Posted by ap507 at Oct 10, 2016 12:27 PM |
Dr Suzie Imber will give a talk on her ambitious project to accurately record a previously uncharted region of the Andes on Wednesday 12 October

Issued by University of Leicester Press Office on 10 October 2016

Images of Dr Suzie Imber at the Andes mountain range are available here:

  • The lecture takes place Wednesday 12 October at 6.30pm in Lecture Theatre A of the Physics and Astronomy Building, University of Leicester
  • Sponsored by the Institute of Physics, the event is part of a programme which celebrates the achievements of women in science

A University of Leicester physics lecturer and mountaineer is giving a talk about a unique adventure which saw her scale and catalogue a remote corner of the Andes mountains.

Dr Suzie Imber, 32, will host 'Nameless Peaks of the Andes' on Wednesday 12 October at the University of Leicester, during which she will describe the often perilous project which saw her fulfil every mountaineer’s dream: to be the first person to identify, climb, and then officially record a series of uncharted mountains in the remote, high altitude Andes.

The lecture is taking place as part of Ada Lovelace Day, which celebrates the achievements of women in science, and is part of a programme of events being organised by the University.
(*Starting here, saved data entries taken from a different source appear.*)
(* Let $G$ be a group with identity $e$, $A$ a finite set with $|A|\ge2$, $S\subseteq G$ finite with $e\in S$, and suppose $(\mathcal P,f)$ generates a local map $\mu:A^S\to A$. Let $s\in S\setminus\{e\}$. (1) If there exist $p\in\mathcal P$ and $z\in\mathcal P^c$ with $\mathrm{Res}_s(p)=\mathrm{Res}_s(z)$, then $s$ is essential for $\mu$. (2) If $s$ is essential for $\mu$ and $f$ is well-behaved, then there exist $p\in\mathcal P$ and $z\in\mathcal P^c$ with $\mathrm{Res}_s(p)=\mathrm{Res}_s(z)$.
   Context: $A^S$ is the set of functions $S\to A$. For $s\in S$, $\mathrm{Res}_s:A^S\to A^{S\setminus\{s\}}$ is $\mathrm{Res}_s(z)=z|_{S\setminus\{s\}}$. An element $s\in S$ is essential for $\mu$ if there exist $z,w\in A^S$ with $\mathrm{Res}_s(z)=\mathrm{Res}_s(w)$ but $\mu(z)\neq\mu(w)$. The pair $(\mathcal P,f)$ generates $\mu$ if $\mathcal P=\{z\in A^S:\mu(z)\neq z(e)\}$ and $f:\mathcal P\to A$ is the restriction of $\mu$ to $\mathcal P$; $\mathcal P^c=A^S\setminus\mathcal P$. The function $f$ is well-behaved if for all $p,q\in\mathcal P$: $p(e)=q(e)$ if and only if $f(p)=f(q)$. *)

From mathcomp Require Import all_boot.
From Stdlib Require Import List.

Set Implicit Arguments.
Unset Strict Implicit.
Unset Printing Implicit Defensive.

Record is_group (G : Type) (mul : G -> G -> G) (inv : G -> G) (e : G) : Prop := {
  grp_assoc : forall x y z, mul x (mul y z) = mul (mul x y) z;
  grp_idl : forall x, mul e x = x;
  grp_idr : forall x, mul x e = x;
  grp_invl : forall x, mul (inv x) x = e;
  grp_invr : forall x, mul x (inv x) = e }.

Definition finite_subset (G : Type) (S : G -> Prop) : Prop :=
  exists l : list G, forall x, S x <-> In x l.

Definition conf (G : Type) (S : G -> Prop) (A : Type) := {x : G | S x} -> A.

Definition minus1 (G : Type) (S : G -> Prop) (s : G) := {x : G | S x /\ x <> s}.

Definition Res (G : Type) (S : G -> Prop) (A : Type) (s : G) (z : conf S A)
  : minus1 S s -> A :=
  fun x => z (exist _ (proj1_sig x) (proj1 (proj2_sig x))).

Arguments Res {G S A} s z _.

Definition essential (G : Type) (S : G -> Prop) (A : Type) (mu : conf S A -> A) (s : G)
  : Prop :=
  exists z w : conf S A, Res s z = Res s w /\ mu z <> mu w.

Definition generates (G : Type) (S : G -> Prop) (A : Type) (e : G) (eS : S e)
  (mu : conf S A -> A) (P : conf S A -> Prop) (f : {z : conf S A | P z} -> A) : Prop :=
  (forall z, P z <-> mu z <> z (exist _ e eS)) /\
  (forall p : {z : conf S A | P z}, f p = mu (proj1_sig p)).

Definition well_behaved (G : Type) (S : G -> Prop) (A : Type) (e : G) (eS : S e)
  (P : conf S A -> Prop) (f : {z : conf S A | P z} -> A) : Prop :=
  forall p q : {z : conf S A | P z},
    proj1_sig p (exist _ e eS) = proj1_sig q (exist _ e eS) <-> f p = f q.

Arguments essential {G S A} mu s.
Arguments generates {G S A e} eS mu P f.
Arguments well_behaved {G S A e} eS P f.

From mathcomp Require Import all_boot.
From Stdlib Require Import ProofIrrelevance.

Set Implicit Arguments.
Unset Strict Implicit.

Section Restriction.

Variables (G : Type) (S : G -> Prop) (A : Type) (s : G).

Lemma Res_eq_at (x : G) (Sx : S x) (z w : conf S A) :
  x <> s -> Res s z = Res s w -> z (exist _ x Sx) = w (exist _ x Sx).
Proof.
move=> xs /(congr1 (fun F => F (exist _ x (conj Sx xs)))).
(* [proj1] is opaque, so the membership proof it returns is only equal to [Sx] up to irrelevance. *)
by rewrite /Res /= (proof_irrelevance _ (proj1 _) Sx).
Qed.

End Restriction.

Section GeneratedLocalMap.

Variables (G : Type) (S : G -> Prop) (A : eqType) (e : G) (eS : S e).
Variables (mu : conf S A -> A) (P : conf S A -> Prop) (f : {z : conf S A | P z} -> A).
Hypothesis hgen : generates eS mu P f.

Let at_e (z : conf S A) : A := z (exist _ e eS).

Lemma generates_notP (z : conf S A) : ~ P z -> mu z = at_e z.
Proof.
move=> nPz; case: (eqVneq (mu z) (at_e z)) => // /eqP neq.
by case: nPz; apply/(proj1 hgen).
Qed.

Lemma generates_P_or_notP (z : conf S A) : P z \/ ~ P z.
Proof.
case: (eqVneq (mu z) (at_e z)) => [mu_e | /eqP neq].
  by right => /(proj1 hgen).
by left; apply/(proj1 hgen).
Qed.

Variables (s : G) (hes : e <> s).

Lemma essential_of_Res_P_notP (p z : conf S A) :
  P p -> ~ P z -> Res s p = Res s z -> essential mu s.
Proof.
move=> Pp nPz pz; exists p, z; split => //.
rewrite (generates_notP nPz) /at_e -(Res_eq_at eS hes pz).
exact/(proj1 hgen).
Qed.

Lemma Res_P_notP_of_essential : well_behaved eS P f -> essential mu s ->
  exists p z : conf S A, P p /\ ~ P z /\ Res s p = Res s z.
Proof.
move=> wb [z [w [zw neq]]].
have ezw : at_e z = at_e w := Res_eq_at eS hes zw.
case: (generates_P_or_notP z) => Pz; case: (generates_P_or_notP w) => Pw.
- case: neq; have := proj1 (wb (exist _ z Pz) (exist _ w Pw)) ezw.
  by rewrite !(proj2 hgen).
- by exists z, w.
- by exists w, z.
- by case: neq; rewrite (generates_notP Pz) (generates_notP Pw).
Qed.

End GeneratedLocalMap.

Theorem mainTheorem2 (G : Type) (mul : G -> G -> G) (inv : G -> G) (e : G)
  (hG : is_group mul inv e) (A : finType) (hA : 1 < #|A|)
  (S : G -> Prop) (hSfin : finite_subset S) (eS : S e)
  (mu : conf S A -> A) (P : conf S A -> Prop) (f : {z : conf S A | P z} -> A)
  (hgen : generates eS mu P f) (s : G) (hs : S s) (hse : s <> e) :
  ((exists p z : conf S A, P p /\ ~ P z /\ Res s p = Res s z) -> essential mu s) /\
  (essential mu s -> well_behaved eS P f ->
     exists p z : conf S A, P p /\ ~ P z /\ Res s p = Res s z).
Proof.
have hes : e <> s by move=> es; apply: hse.
split.
  by move=> [p [z [Pp [nPz pz]]]]; exact: (essential_of_Res_P_notP hgen hes Pp nPz pz).
by move=> ess wb; exact: (Res_P_notP_of_essential hgen hes wb ess).
Qed.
Dr Imber's talk will describe how she used the University supercomputer to construct the first objective and accurate list of mountains above 6,000, and subsequently above 5,000 metres, working alongside fellow climber Maximo Kausch.
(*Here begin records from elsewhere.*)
Lemma sum_ord4 (V : nmodType) (F : 'I_4 -> V) :
  \sum_(i < 4) F i = F (inord 0) + F (inord 1) + F (inord 2) + F (inord 3).
Proof.
rewrite !big_ord_recl big_ord0 addr0 !addrA.
by repeat congr (_ + _); congr F; apply/val_inj; rewrite /= inordK.
Qed.

Definition mx6 (R : nmodType) (s : seq (seq R)) : 'M[R]_6 :=
  \matrix_(i, j) nth 0 (nth [::] s i) j.

Lemma mx6E (R : nmodType) (s : seq (seq R)) (i k : nat) : (i < 6)%N -> (k < 6)%N ->
  mx6 s (inord i) (inord k) = nth 0 (nth [::] s i) k.
Proof. by move=> i6 k6; rewrite mxE !inordK. Qed.

Section D6_1.
Variables (R : realType) (c : R).
Local Notation u := (cos c).
Local Notation v := (sin c).

(* [D6_1 c]_ik * conj [D6_1 c]_jk read off the defining tables, so that it
   evaluates by computation at numeral indices. *)
Definition D6_1_gram (i j k : nat) : R[i] :=
  let h i k := nth 0 (nth [::] (D6_list R) i) k in
  let r i k := nth 0 (nth [::] (Rc_list c) i) k in
  h i k * Num.conj (h j k) * expi (r i k - r j k).

Lemma D6_1_pairE (Y : 'M[R]_6) (i j : nat) : (i < 6)%N -> (j < 6)%N ->
  \sum_(k < 6) D6_1 c (inord i) k * Num.conj (D6_1 c (inord j) k) *
    (Y (inord i) k - Y (inord j) k)%:C = 0 <->
  \sum_(0 <= k < 6) complex.Re (D6_1_gram i j k) *
    (Y (inord i) (inord k) - Y (inord j) (inord k)) = 0 /\
  \sum_(0 <= k < 6) complex.Im (D6_1_gram i j k) *
    (Y (inord i) (inord k) - Y (inord j) (inord k)) = 0.
Proof.
move=> i6 j6; rewrite hadamard_exp_pairE !big_mkord.
have gramE (k : 'I_6) : D6 R (inord i) k * Num.conj (D6 R (inord j) k) *
    expi (Rc c (inord i) k - Rc c (inord j) k) = D6_1_gram i j k.
  by rewrite /D6 /Rc /D6_1_gram !mxE !inordK.
have sumE (f : R[i] -> R) :
  \sum_(k < 6) f (D6 R (inord i) k * Num.conj (D6 R (inord j) k) *
    expi (Rc c (inord i) k - Rc c (inord j) k)) * (Y (inord i) k - Y (inord j) k) =
  \sum_(k < 6) f (D6_1_gram i j k) * (Y (inord i) (inord k) - Y (inord j) (inord k)).
  by apply: eq_bigr => k _; rewrite gramE inord_val.
by rewrite !sumE.
Qed.

Ltac gram_simpl :=
  rewrite unlock /D6_1_gram /= ?subr0 ?sub0r ?opprK ?subrr ?addNr ?cos0 ?sin0 ?cosN ?sinN.

Section PivotFree.
Variable Y : 'M[R]_6.
Hypothesis hY : defect_cond (D6_1 c) Y.
Local Notation y i j := (Y (inord i) (inord j)).
Hypotheses (Y23 : y 2 3 = 0) (Y24 : y 2 4 = 0) (Y53 : y 5 3 = 0) (Y54 : y 5 4 = 0).

Lemma defect_col0 (i : 'I_6) : Y i (inord 0) = 0.
Proof. by case: hY => -> //; rewrite inordK. Qed.

Lemma defect_row0 (k : 'I_6) : Y (inord 0) k = 0.
Proof.
case: k => [[|k] hk]; last by case: hY => _ [-> //]; rewrite inordK.
by rewrite (_ : Ordinal hk = inord 0) ?defect_col0 //; apply/val_inj; rewrite /= inordK.
Qed.

Lemma defect_pair (i j : nat) : (i < j < 6)%N ->
  \sum_(0 <= k < 6) complex.Re (D6_1_gram i j k) * (y i k - y j k) = 0 /\
  \sum_(0 <= k < 6) complex.Im (D6_1_gram i j k) * (y i k - y j k) = 0.
Proof.
case/andP=> ij j6; have i6 := ltn_trans ij j6.
by apply/D6_1_pairE => //; case: hY => _ [_]; apply; rewrite !inordK.
Qed.

Ltac defect_simpl := gram_simpl; rewrite ?defect_col0 ?defect_row0 ?Y23 ?Y24 ?Y53 ?Y54.

Lemma defect_diag_eq0 : [/\ y 1 1 = 0, y 2 2 = 0 & y 5 5 = 0].
Proof.
have [r01 _] := @defect_pair 0 1 isT; have [r02 _] := @defect_pair 0 2 isT.
have [r05 _] := @defect_pair 0 5 isT.
move: r01 r02 r05; defect_simpl => r01 r02 r05; split; lra.
Qed.

Lemma defect_rows25_eq0 : [/\ y 2 1 = 0, y 2 5 = 0, y 5 1 = 0 & y 5 2 = 0].
Proof.
have [_ z22 z55] := defect_diag_eq0.
have [_ i02] := @defect_pair 0 2 isT; have [_ i05] := @defect_pair 0 5 isT.
have [r25 i25] := @defect_pair 2 5 isT.
move: i02 i05 r25 i25; defect_simpl; rewrite z22 z55 => i02 i05 r25 i25; split; lra.
Qed.

Lemma defect_row3_eq0 : [/\ y 3 1 = 0, y 3 2 = 0, y 3 3 = 0, y 3 4 = 0 & y 3 5 = 0].
Proof.
have [z21 z25 z51 z52] := defect_rows25_eq0; have [_ z22 z55] := defect_diag_eq0.
have [r03 i03] := @defect_pair 0 3 isT; have [r23 i23] := @defect_pair 2 3 isT.
have [r35 i35] := @defect_pair 3 5 isT.
move: r03 i03 r23 i23 r35 i35; defect_simpl; rewrite z21 z22 z25 z51 z52 z55.
move=> r03 i03 r23 i23 r35 i35; apply: (circle_system_eq0 (cos2Dsin2 c));
  [move: r03 | move: i03 | move: r23 | move: i23 | move: r35 | move: i35]; move=> <-; ring.
Qed.

Lemma defect_row4_eq0 : [/\ y 4 1 = 0, y 4 2 = 0, y 4 3 = 0, y 4 4 = 0 & y 4 5 = 0].
Proof.
have [z21 z25 z51 z52] := defect_rows25_eq0; have [_ z22 z55] := defect_diag_eq0.
have [r04 i04] := @defect_pair 0 4 isT; have [r24 i24] := @defect_pair 2 4 isT.
have [r45 i45] := @defect_pair 4 5 isT.
move: r04 i04 r24 i24 r45 i45; defect_simpl; rewrite z21 z22 z25 z51 z52 z55.
move=> r04 i04 r24 i24 r45 i45.
(* Row 4 solves the system of row 3 at the point (-u, -v), columns 3 and 4 swapped. *)
have uv1 : (- u) ^+ 2 + (- v) ^+ 2 = 1 by rewrite !sqrrN cos2Dsin2.
suff [? ? ? ? ?] : [/\ y 4 1 = 0, y 4 2 = 0, y 4 4 = 0, y 4 3 = 0 & y 4 5 = 0] by [].
apply: (circle_system_eq0 uv1);
  [move: r04 | move: i04 | move: r24 | move: i24 | move: r45 | move: i45]; move=> <-; ring.
Qed.

Lemma defect_row1_eq0 : [/\ y 1 2 = 0, y 1 3 = 0, y 1 4 = 0 & y 1 5 = 0].
Proof.
have [z21 z25 z51 z52] := defect_rows25_eq0; have [z11 z22 z55] := defect_diag_eq0.
have [z31 z32 z33 z34 z35] := defect_row3_eq0; have [z41 z42 z43 z44 z45] := defect_row4_eq0.
have [r12 _] := @defect_pair 1 2 isT; have [r13 _] := @defect_pair 1 3 isT.
have [r14 _] := @defect_pair 1 4 isT; have [r15 _] := @defect_pair 1 5 isT.
move: r12 r13 r14 r15; defect_simpl; rewrite z11 z21 z22 z25 z51 z52 z55.
rewrite z31 z32 z33 z34 z35 z41 z42 z43 z44 z45 => r12 r13 r14 r15.
apply: (param_system_eq0 (u := u)); [move: r12 | move: r15 | move: r13 | move: r14];
  move=> <-; ring.
Qed.

Lemma defect_pivot_free_eq0 : Y = 0.
Proof.
have [z11 z22 z55] := defect_diag_eq0; have [z21 z25 z51 z52] := defect_rows25_eq0.
have [z31 z32 z33 z34 z35] := defect_row3_eq0; have [z41 z42 z43 z44 z45] := defect_row4_eq0.
have [z12 z13 z14 z15] := defect_row1_eq0.
apply/matrixP => i j; rewrite mxE -(inord_val i) -(inord_val j).
by case: i j => [[|[|[|[|[|[|?]]]]]] ?] [[|[|[|[|[|[|?]]]]]] ?]; rewrite ?defect_col0 ?defect_row0.
Qed.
The team quickly realised that many of these mountains did not appear on the existing catalogues, and set out to climb some of these unknown mountains, along with friend and Brazilian mountaineer, Pedro Hauck.
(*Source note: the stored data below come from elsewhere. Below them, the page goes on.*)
Lemma vnorm_sub_le x y : nrm (x -v y) <= nrm x + nrm y.
Proof. unfold bsub. rewrite <- (vnorm_opp y). apply bnorm_tri. Qed.

Lemma vnorm_rev_add x y : nrm x - nrm y <= nrm (x +v y).
Proof.
  pose proof (bnorm_tri _ (x +v y) (bopp y)) as H. rewrite vnorm_opp in H.
  change (badd (x +v y) (bopp y)) with ((x +v y) -v y) in H. rewrite vadd_sub in H. lra.
Qed.

Lemma vscal_sub_r a x y : a *v (x -v y) = a *v x -v a *v y.
Proof.
  unfold bsub. rewrite bscal_addr, !vscal_opp, vopp_scal, <- bscal_mul.
  f_equal. f_equal. ring.
Qed.

Lemma vscal_sub_l a b x : sadd a (sopp b) *v x = a *v x -v b *v x.
Proof.
  rewrite bscal_addl. unfold bsub. rewrite vopp_scal, <- bscal_mul. f_equal. f_equal. ring.
Qed.

Lemma vadd_swap x y z w : (x +v y) +v (z +v w) = (x +v z) +v (y +v w).
Proof.
  rewrite (badd_assoc _ (x +v y) z w), <- (badd_assoc _ x y z), (badd_comm _ y z),
    (badd_assoc _ x z y), <- (badd_assoc _ (x +v z) y w). reflexivity.
Qed.

Lemma vopp_add x y : bopp (x +v y) = bopp x +v bopp y.
Proof. rewrite !vopp_scal. apply bscal_addr. Qed.

Lemma vsub_add_distr x y z w : (x +v y) -v (z +v w) = (x -v z) +v (y -v w).
Proof. unfold bsub. rewrite vopp_add, vadd_swap. reflexivity. Qed.

Lemma vsub_sub_distr x y z w : (x -v y) -v (z -v w) = (x -v z) -v (y -v w).
Proof. rewrite !vsub_scal, !bscal_addr. apply vadd_swap. Qed.

Lemma vadd_sub_cancel_r x y z : (x +v z) -v (y +v z) = x -v y.
Proof. rewrite vsub_add_distr, vsub_diag, badd_0. reflexivity. Qed.

Lemma vadd_sub_cancel_l x y z : (z +v x) -v (z +v y) = x -v y.
Proof. rewrite (badd_comm _ z x), (badd_comm _ z y). apply vadd_sub_cancel_r. Qed.

Lemma vsub_sub_cancel_r x y z : (x -v z) -v (y -v z) = x -v y.
Proof. exact (vadd_sub_cancel_r x y (bopp z)). Qed.

Lemma vadd_sub_assoc x y z : (x +v y) -v z = x +v (y -v z).
Proof. unfold bsub. rewrite badd_assoc. reflexivity. Qed.

Lemma vsub_add_assoc x y z : x -v (y +v z) = (x -v y) -v z.
Proof. unfold bsub. rewrite vopp_add, badd_assoc. reflexivity. Qed.

Lemma vscal_diff a b x y : a *v x -v b *v y = a *v (x -v y) +v sadd a (sopp b) *v y.
Proof.
  rewrite vscal_sub_r, vscal_sub_l. unfold bsub. rewrite <- badd_assoc. f_equal.
  rewrite badd_assoc, (badd_comm _ (bopp _) (a *v y)), badd_opp, vadd_0_l. reflexivity.
Qed.

Lemma vscal_sinv_cancel a x : a <> s0 -> a *v (sinv a *v x) = x.
Proof. intros Ha. rewrite <- bscal_mul, sinv_r by exact Ha. apply bscal_1. Qed.

Lemma vscal_inv_diff_bound a b x y : a <> s0 -> b <> s0 ->
  nrm (sinv a *v x -v sinv b *v y)
  <= / sabs a * nrm (x -v y) + / sabs a * / sabs b * sabs (sadd b (sopp a)) * nrm y.
Proof.
  intros Ha Hb. rewrite vscal_diff.
  replace (sadd (sinv a) (sopp (sinv b))) with (smul (smul (sinv a) (sinv b)) (sadd b (sopp a)))
    by (field; auto).
  eapply Rle_trans; [apply bnorm_tri|].
  rewrite !bnorm_scal, !sabs_mul, !sabs_inv by auto. lra.
Qed.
They secured sponsorship from the Mount Everest Foundation, and the British Mountaineering Council, and set off into the most remote part of the Andes.

Describing the two-month journey, Dr Imber said: “It’s the dream of every mountaineer to climb a peak that nobody has succeeded in summiting before.

“We targeted some of the most remote mountains in the Andes, facing 100 mph winds that destroyed our tents and temperatures so low they froze our vehicles to eventually summit nine of these mountains.

“We discovered Incan ruins on the summit of several of these peaks, leading to further questions of how and why the Incas, centuries ago, preceded our journey.”

The lecture, sponsored by the Institute of Physics, takes place on Wednesday 12 October at 6.30pm in Lecture Theatre A of the Physics and Astronomy Building.

It will be preceded at 6.00pm, in Lecture Theatre C by a facilitated discussion on creativity in science as part of Ada Lovelace Day, celebrating the achievements of women in science, technology, engineering and maths.

Dr Darren Wright, Reader and Head of First Year Teaching in the Radio and Space Plasma Physics Group, at the Department of Physics and Astronomy, said: “Suzie is an outstanding and dynamic scientist who exhibits a rare enthusiasm both for her science and for mountaineering.

“I have never known anyone else who works so tirelessly and as hard as she does to fulfil her passions.”